[DATASET RECORDS — start]

Lemma max0_descent_vanishes {V : nat -> R} {d : R} {t0 : nat} :
  0 < d -> (forall t, 0 <= V t) ->
  (forall t, (t0 < t)%N -> V t <= Num.max 0 (V t.-1 - d)) ->
  exists T, forall t, (T <= t)%N -> V t = 0.
Proof.
move=> d_gt0 V_ge0 V_dec.
have descent k : V (t0 + k)%N <= 0 \/ V (t0 + k)%N <= V t0 - k%:R * d.
  elim: k => [|k IHk]; first by right; rewrite addn0 mul0r subr0.
  have := V_dec (t0 + k).+1; rewrite addnS ltnS leq_addr /= le_max => /(_ isT).
  rewrite -natr1; case/orP => Vle; [by left | case: IHk => IHk]; lra.
have K_large := archi_boundP (divr_ge0 (V_ge0 t0) (ltW d_gt0)).
rewrite ltr_pdivrMr // in K_large.
exists (t0 + Num.Def.archi_bound (V t0 / d))%N => t Tt.
apply/eqP; rewrite eq_le V_ge0 andbT.
have t0t : (t0 <= t)%N by exact: leq_trans (leq_addr _ _) Tt.
have : (Num.Def.archi_bound (V t0 / d) <= t - t0)%N by rewrite leq_subRL.
rewrite -(ler_nat R) => /(ler_wpM2r (ltW d_gt0)) K_le.
by case: (descent (t - t0)%N); rewrite subnKC //; lra.
Qed.

End DescentSequences.

Lemma continuous_sumr (R : realType) (T : topologicalType) (I : Type) (s : seq I)
    (F : I -> T -> R) :
  (forall i, continuous (F i)) -> continuous (fun u => \sum_(i <- s) F i u).
Proof. by move=> F_cont; apply: continuous_big => //; exact: add_continuous. Qed.

Definition sumsq {R : realType} {k : nat} (w : 'cV[R]_k) : R := \sum_i w i 0 ^+ 2.

Lemma sumsq_ge0 (R : realType) k (w : 'cV[R]_k) : 0 <= sumsq w.
Proof. by apply: sumr_ge0 => i _; exact: sqr_ge0. Qed.

Section EuclideanNorm.
Context {R : realType}.

Lemma enorm_ltE {k} (w : 'cV[R]_k) e : 0 < e -> (enorm w < e) = (sumsq w < e ^+ 2).
Proof.
by move=> e_gt0; rewrite /enorm -{1}(gtr0_norm e_gt0) -sqrtr_sqr ltr_sqrt ?exprn_gt0.
Qed.

Lemma sumsqD_le {k} (a b : 'cV[R]_k) : sumsq (a + b) <= 2 * sumsq a + 2 * sumsq b.
Proof.
rewrite /sumsq !mulr_sumr -big_split /=; apply: ler_sum => i _.
by rewrite !mxE; have := sqr_ge0 (a i 0 - b i 0); nra.
Qed.

Lemma tends_to_zeroD {k} {a b : nat -> 'cV[R]_k} :
  tends_to_zero a -> tends_to_zero b -> tends_to_zero (fun t => a t + b t).
Proof.
move=> a0 b0 e e_gt0; have e2_gt0 : 0 < e / 2 by rewrite divr_gt0.
have [Na Ha] := a0 _ e2_gt0; have [Nb Hb] := b0 _ e2_gt0.
exists (maxn Na Nb) => t; rewrite geq_max => /andP[/Ha at_small /Hb bt_small].
rewrite enorm_ltE //; rewrite enorm_ltE // in at_small; rewrite enorm_ltE // in bt_small.
apply: le_lt_trans (sumsqD_le (a t) (b t)) _.
have -> : e ^+ 2 = 2 * (e / 2) ^+ 2 + 2 * (e / 2) ^+ 2 by field.
by rewrite ltrD // ltr_pM2l.
Qed.
(* Let $P$ be a fixed tree poset with $|P|$ elements. For all integers $q\geq1$ and reals $\varepsilon>0$ there exists $\delta>0$ such that the following holds. If $\mathcal{F}\subseteq\widetilde{\mathcal{B}}_n$ satisfies $\mu(\mathcal{F})\geq q-1+\varepsilon$, then there exists a nested sequence $\mathcal{M}^{|P|}\subseteq\mathcal{M}^{|P|-1}\subseteq\cdots\subseteq\mathcal{M}^0$ of families of $q$-marked chains with markers from $\mathcal{F}$ such that for all $j\in[|P|]$: - for each $(\chi,Q)\in\mathcal{M}^j$ and $F\in Q$, $F$ is $\delta$-robust with respect to $\mathcal{M}^{j-1}$; - for each $i\in[q]$, $|\mathcal{L}^i(\mathcal{M}^j)|\geq\frac{2\varepsilon}{3q}\min_{F\in\mathcal{F}}\binom{n}{|F|}$.
   Context: $\widetilde{\mathcal{B}}_n=\{F\subseteq[n]: |\,|F|-n/2\,|<2\sqrt{n\ln n}\}$. $\mu(\mathcal{F})=\sum_{F\in\mathcal{F}}1/\binom{n}{|F|}$ (Lubell weight). $\mathcal{C}$ is the set of full chains $\emptyset=C_0\subsetneq\cdots\subsetneq C_n=[n]$ (identified with their member sets). A $q$-chain is $(F_1,\dots,F_q)$ with $F_1\supsetneq\cdots\supsetneq F_q$, $F_i$ being its $i$-th member; a $q$-marked chain with markers from $\mathcal{F}$ is $(\chi,Q)$ with $\chi\in\mathcal{C}$ and $Q$ a $q$-chain of members of $\mathcal{F}$ lying on $\chi$. For a family $\mathcal{M}$ of $q$-marked chains, $\mathcal{L}^i(\mathcal{M})$ is the set of $D$ that are the $i$-th member of $Q$ for some $(\chi,Q)\in\mathcal{M}$, and $\mathcal{M}(F,i)$ is the set of $(\chi,Q)\in\mathcal{M}$ with $F$ the $i$-th member of $Q$. With $\chi_0$ a uniformly random full chain: $F$ is $(i,\delta)$-lower bad w.r.t. $\mathcal{M}$ if $\mathcal{M}(F,i)\neq\emptyset$ and there is $\mathcal{W}\subseteq2^{[n]}$ with (a) $D\subseteq F$ for all $D\in\mathcal{W}$, (b) $Q\cap\mathcal{W}\neq\emptyset$ for all $(\chi,Q)\in\mathcal{M}(F,i)$, (c) $\Pr[\chi_0\cap\mathcal{W}\neq\emptyset\mid F\in\chi_0]\le\delta$; $(i,\delta)$-upper bad is defined identically with $D\supseteq F$ in (a). $F$ is $\delta$-robust w.r.t. $\mathcal{M}$ if for all $i\in[q]$ it is neither $(i,\delta)$-lower bad nor $(i,\delta)$-upper bad. *)

From HB Require Import structures.
From mathcomp Require Import all_boot all_order all_algebra.
From mathcomp Require Import reals exp.
Set Implicit Arguments. Unset Strict Implicit. Unset Printing Implicit Defensive.
Import Order.TTheory GRing.Theory Num.Theory.
Local Open Scope ring_scope.

Section Tree.
Context {d : Order.disp_t} {P : finPOrderType d}.
Definition covers (x y : P) : bool :=
  ((x < y)%O && [forall z : P, ~~ ((x < z)%O && (z < y)%O)]).
Definition hasse_adj (x y : P) : bool := covers x y || covers y x.
Definition tree_poset : Prop :=
  [/\ (0 < #|P|)%N,
      forall x y : P, connect hasse_adj x y
    & forall c : seq P, (2 < size c)%N -> ~ ucycle hasse_adj c].
End Tree.

Section Chains.
Variable R : realType.
Variable n : nat.
Notation setn := {set 'I_n}.

Definition Btilde : {set setn} :=
  [set A : setn | `|(#|A|%:R : R) - n%:R / 2| < 2 * Num.sqrt (n%:R * ln (n%:R : R))].

Definition lubell (F : {set setn}) : R := \sum_(A in F) ('C(n, #|A|)%:R)^-1.

(* full chain emptyset = C_0 < C_1 < ... < C_n = [n], as its set of members:
   exactly one member of each size 0..n, totally ordered by inclusion *)
Definition full_chain (c : {set setn}) : bool :=
  [forall k : 'I_n.+1, #|[set A in c | #|A| == k]| == 1%N] &&
  [forall A in c, forall B in c, (A \subset B) || (B \subset A)].
Lemma count_pal_factors w n :
  count (fun v => size v == n) (undup [seq v <- factors_of w | palindrome v]) =
  #|pal_factors w n|.
Proof.
rewrite -size_filter cardE -(size_map val); apply/perm_size/uniq_perm.
- by rewrite filter_uniq ?undup_uniq.
- by rewrite (map_inj_uniq val_inj) enum_uniq.
move=> v; rewrite mem_filter mem_undup mem_filter mem_factors_of.
apply/idP/mapP => [/andP[size_v /andP[v_pal v_w]] | [t]].
  by exists (Tuple size_v); rewrite // mem_enum inE v_w v_pal.
by rewrite mem_enum inE => /andP[t_w t_pal] ->; rewrite size_tuple eqxx t_w t_pal.
Qed.

Lemma num_pal_factors_sum w B : size w < B ->
  num_pal_factors w = \sum_(n < B) #|pal_factors w n|.
Proof.
move=> lt_wB; rewrite /num_pal_factors (size_sum_count_size (B := B)).
  by apply: eq_bigr => n _; rewrite count_pal_factors.
apply/allP => v; rewrite mem_undup mem_filter mem_factors_of => /andP[_ /size_infix].
by move=> le_vw; apply: leq_ltn_trans le_vw lt_wB.
Qed.

(* The bound on [n] excludes the junk values [suffixn n s = s] for [n > size s]. *)
Definition new_pal_suffix w a n : bool :=
  [&& n <= (size w).+1, palindrome (suffixn n (rcons w a))
    & ~~ infix (suffixn n (rcons w a)) w].
(* Let $A:\Omega^+\to\mathbb{R}$ be Lipschitz, $W$ a Lipschitz involution kernel for $A$ with associated $A^-:\Omega^-\to\mathbb{R}$. Let $\mu$ be any equilibrium probability on $\Omega^+$, $\hat\mu$ its unique $\hat\sigma$-invariant extension to $\hat\Omega$ and $\mu^-$ the marginal of $\hat\mu$ on $\Omega^-$. Then \[(1)\ \int A\,d\mu=\int A^-\,d\mu^-,\qquad (2)\ \int A^-\circ\theta^{-1}\,d\mu=\int A\circ\theta\,d\mu^-.\]
   Context: $(M,d)$ is a compact metric space; $\Omega^+=M^{\mathbb{N}}$ with points $x=|x_1,x_2,\dots)$, $\Omega^-=M^{\mathbb{N}}$ with points $y=(\dots,y_2,y_1|$; $\hat\Omega=\Omega^-\times\Omega^+$ with $\hat\sigma(\dots,y_2,y_1|x_1,x_2,\dots)=(\dots,y_2,y_1,x_1|x_2,\dots)$. $\theta:\Omega^-\to\Omega^+$, $\theta(\dots,z_2,z_1|)=|z_1,z_2,\dots)$. A shift-invariant probability $\mu$ on $\Omega^+$ is an equilibrium probability if there exist a Borel probability $\nu$ on $M$ with $\operatorname{supp}\nu=M$ and a Lipschitz $B:\Omega^+\to\mathbb{R}$ with $\int e^{B(|a,x_1,x_2,\dots))}d\nu(a)=1$ for all $x$ such that $\int\!\int e^{B(|a,x))}f(|a,x))\,d\nu(a)\,d\mu(x)=\int f\,d\mu$ for all continuous $f$. Its $\hat\sigma$-invariant extension is the unique $\hat\sigma$-invariant probability on $\hat\Omega$ with marginal $\mu$ on $\Omega^+$. A Lipschitz $W:\hat\Omega\to\mathbb{R}$ is an involution kernel for $A$ if $A^-:=A\circ\hat\sigma^{-1}+W\circ\hat\sigma^{-1}-W$ does not depend on $x$, i.e. $A^-(y)=A(|y_1,x_1,x_2,\dots))+W(\dots,y_3,y_2|y_1,x_1,\dots)-W(\dots,y_2,y_1|x_1,\dots)$; $A^-$ is viewed as a function on $\Omega^-$. *)

From HB Require Import structures.
From mathcomp Require Import all_boot all_order all_algebra.
From mathcomp Require Import all_classical all_reals all_analysis.
Set Implicit Arguments. Unset Strict Implicit. Unset Printing Implicit Defensive.
Import Order.TTheory GRing.Theory Num.Theory.
Local Open Scope classical_set_scope.
Local Open Scope ring_scope.

Section Defs.
Variables (R : realType) (M : pointedType) (d : M -> M -> R).

Definition is_metric (T : Type) (dist : T -> T -> R) : Prop :=
  [/\ forall x y, 0 <= dist x y,
      forall x y, dist x y = 0 <-> x = y,
      forall x y, dist x y = dist y x &
      forall x y z, dist x z <= dist x y + dist y z].

Definition seq_compact : Prop :=
  forall u : nat -> M, exists phi : nat -> nat,
    (forall n, (phi n < phi n.+1)%N) /\
    exists l : M, (fun n => d (u (phi n)) l) @ \oo --> 0.

Definition dopen (T : Type) (dist : T -> T -> R) : set (set T) :=
  fun U => forall x, U x -> exists2 e : R, 0 < e & forall y, dist x y < e -> U y.

Definition dball (T : Type) (dist : T -> T -> R) (x : T) (e : R) : set T :=
  fun y => dist x y < e.

(* sequences x = |x_1,x_2,...) are encoded as x : nat -> M with x_{n+1} = x n;
   likewise y = (...,y_2,y_1| is encoded as y : nat -> M with y_{n+1} = y n. *)
Definition seqdist (x y : nat -> M) : R :=
  limn (fun N => \sum_(0 <= n < N) (d (x n) (y n) / 2 ^+ n.+1)).

Definition OmegaP := g_sigma_algebraType (dopen seqdist).
Definition OmegaM := g_sigma_algebraType (dopen seqdist).
Definition MB := g_sigma_algebraType (dopen d).

Definition OmegaHat := (OmegaM * OmegaP)%type.

Definition hatdist (p q : OmegaHat) : R := seqdist p.1 q.1 + seqdist p.2 q.2.

Definition scons (a : M) (x : nat -> M) : nat -> M :=
  fun n => if n is k.+1 then x k else a.
Definition stail (x : nat -> M) : nat -> M := fun n => x n.+1.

[DATASET RECORDS — finish]

_ASSIGNED TASK_
What is the number of lines in the data above that include the word "mathcomp"? Answer with that number only.

_PROBLEM SOLUTION_
4